Much that is commonly accepted about slavery and religion in the Old South is challenged in this significant book. The eight essays included here show that throughout the antebellum period, southern whites and blacks worshipped together, heard the same sermons, took communion and were baptized together, were subject to the same church discipline, and were buried in the same cemeteries. What was the black perception of white-controlled religious ceremonies? How did whites reconcile their faith with their racism? Why did freedmen, as soon as possible after the Civil War, withdraw from the biracial churches and establish black denominations? This book is essential reading for historians of religion, the South, and the Afro-American experience.

Slavery, Religion, and Race in Antebellum Missouri

Author : Kevin D. Butler
Publisher : Rowman & Littlefield
Page : 191 pages
File Size : 14,72 MB
Release : 2023-01-09
Category : Biography & Autobiography
ISBN : 1666917001

GET BOOK

This book looks at the interaction of slavery, religion, and race in antebellum Missouri and how they influenced and shaped each other. The author argues that for African Americans, religion was an arena where they sought control over their own lives and where they created their own form of Christianity.

The Origins of Proslavery Christianity

Author : Charles F. Irons
Publisher : Univ of North Carolina Press
Page : 381 pages
File Size : 26,24 MB
Release : 2009-11-30
Category : History
ISBN : 0807888893

GET BOOK

In the colonial and antebellum South, black and white evangelicals frequently prayed, sang, and worshipped together. Even though white evangelicals claimed spiritual fellowship with those of African descent, they nonetheless emerged as the most effective defenders of race-based slavery. As Charles Irons persuasively argues, white evangelicals' ideas about slavery grew directly out of their interactions with black evangelicals. Set in Virginia, the largest slaveholding state and the hearth of the southern evangelical movement, this book draws from church records, denominational newspapers, slave narratives, and private letters and diaries to illuminate the dynamic relationship between whites and blacks within the evangelical fold. Irons reveals that when whites theorized about their moral responsibilities toward slaves, they thought first of their relationships with bondmen in their own churches. Thus, African American evangelicals inadvertently shaped the nature of the proslavery argument.
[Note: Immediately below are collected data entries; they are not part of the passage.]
Lemma gauss_equation (u v : R) : U (u, v) ->
  gauss_curv X u v = extrinsic_curv X N u v - N 3%nat u v ^ 2.
Proof.
  intros Huv.
  destruct (brioschi_entries u v Huv) as (B1 & B2 & B3 & B4 & B5 & B6 & B7).
  pose proof (tangent_frame u v Huv) as Hf.
  pose proof (parseval_e3 e3 u v Huv) as He3.
  unfold tangent_form in He3; rewrite !mink_e3_l in He3.
  change (gauss_curv X u v = (h11 X N u v * h22 X N u v - h12 X N u v ^ 2)
                             / (EE X u v * GG X u v - FF X u v ^ 2) - N 3%nat u v ^ 2).
  eapply (gauss_equation_algebra _ _ _ _ _ _ _ _ _ _ _ _
           (mink (pdv [true; true] X u v) (P u v)) (mink (pdv [false; true] X u v) (P u v))
           (mink (pdv [false; false] X u v) (P u v))
           (pdv [true] X u v 3%nat) (pdv [false] X u v 3%nat) _
           (mink (pdv [true; true] X u v) (pdv [false; false] X u v))
           (mink (pdv [false; true] X u v) (pdv [false; true] X u v))).
  - apply Rgt_not_eq, (first_form_pos u v Huv).
  - exact (frame_parseval _ _ _ _ _ _ Hf).
  - exact (frame_parseval _ _ _ _ _ _ Hf).
  - change (e3 3%nat) with 1 in He3. change (pdv [] N u v 3%nat) with (N 3%nat u v) in He3.
    destruct (first_form_mink u v) as (-> & -> & ->). lra.
  - exact (hpos_second true true u v Huv).
  - exact (hpos_second true false u v Huv).
  - exact (hpos_second false false u v Huv).
  - unfold gauss_curv; cbv zeta. rewrite B1, B2, B3, B4, B5, B6, B7. reflexivity.
Qed.

Lemma sff_comm (u v : R) : U (u, v) ->
  mink (pdv [true; false] X u v) (pdv [] N u v) = h12 X N u v.
Proof.
  intros Huv. apply mink_ext; [|easy].
  exact (pdv_swap U surface_open X [] [] u v smooth_X Huv).
Qed.

Lemma asymptotic_dir_kernel (u v du dv : R) : U (u, v) -> asymptotic_dir X N u v (du, dv) ->
  mean_curv X N u v <> 0 /\
  h11 X N u v * du + h12 X N u v * dv = 0 /\ h12 X N u v * du + h22 X N u v * dv = 0.
Proof.
  intros Huv [[_ [k [Hk [[d1 d2] [Hd Hsd]]]]] [Hc Hsc]].
  pose proof (Rgt_not_eq _ _ (first_form_pos u v Huv)) as HD.
  change (EE X u v * GG X u v - FF X u v ^ 2 <> 0) in HD.
  pose proof (f_equal fst Hsc) as Hc1; pose proof (f_equal snd Hsc) as Hc2.
  pose proof (f_equal fst Hsd) as Hd1; pose proof (f_equal snd Hsd) as Hd2.
  unfold shape in Hc1, Hc2, Hd1, Hd2; cbv zeta in Hc1, Hc2, Hd1, Hd2; cbn [fst snd] in Hc1, Hc2, Hd1, Hd2.
  change (detg X u v) with (EE X u v * GG X u v - FF X u v ^ 2) in Hc1, Hc2, Hd1, Hd2.
  rewrite Rmult_0_l in Hc1, Hc2.
  split; [|exact (adj2_kernel _ _ _ _ _ HD Hc1 Hc2)].
  set (D := EE X u v * GG X u v - FF X u v ^ 2) in *.
  (* the shape operator [g^-1 h] has eigenvalues [0] and [k], hence trace [k] *)
  assert (Htr : (GG X u v * h11 X N u v - FF X u v * h12 X N u v) / D
                + (- FF X u v * h12 X N u v + EE X u v * h22 X N u v) / D = k).
  { apply (trace2_eq_eigenvalue _ ((GG X u v * h12 X N u v - FF X u v * h22 X N u v) / D)
             ((- FF X u v * h11 X N u v + EE X u v * h12 X N u v) / D) _ du dv d1 d2);
      try assumption; [rewrite <- Hc1|rewrite <- Hc2|rewrite <- Hd1|rewrite <- Hd2];
      unfold D; field; exact HD. }
  unfold mean_curv; change (detg X u v) with D. intro H0. apply Hk. rewrite <- Htr.
  replace (_ + _) with (2 * ((GG X u v * h11 X N u v - 2 * FF X u v * h12 X N u v
                              + EE X u v * h22 X N u v) / (2 * D))) by (field; exact HD).
  rewrite H0; ring.
Qed.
When they chose which churches to join, used the procedures set up for church discipline, rejected colonization, or built quasi-independent congregations, for example, black churchgoers spurred their white coreligionists to further develop the religious defense of slavery.

'Men and Women of Their Own Kind'

Author : Glenn M. Harden
Publisher : Universal-Publishers
Page : 176 pages
File Size : 12,69 MB
Release : 2003-09
Category : History
ISBN : 1581121946

GET BOOK

This thesis traces the historiography of antebellum reform from its origins in Gilbert Barnes's rebellion from the materialist reductionism of the Progressives to the end of the twentieth century. The focus is the ideas of the historians at the center of the historiography, not a summary of every work in the field. The works of Gilbert Barnes, Alice Felt Tyler, Whitney Cross, C. S. Griffin, Donald Mathews, Paul Johnson, Ronald Walters, George Thomas, Robert Abzug, Steven Mintz, and John Quist, among many others, are discussed. In particular, the thesis examines the social control interpretation and its transformation into social organization under more sympathetic historians in the 1970s. The author found the state of the historiography at century's end to be healthy with a promising future.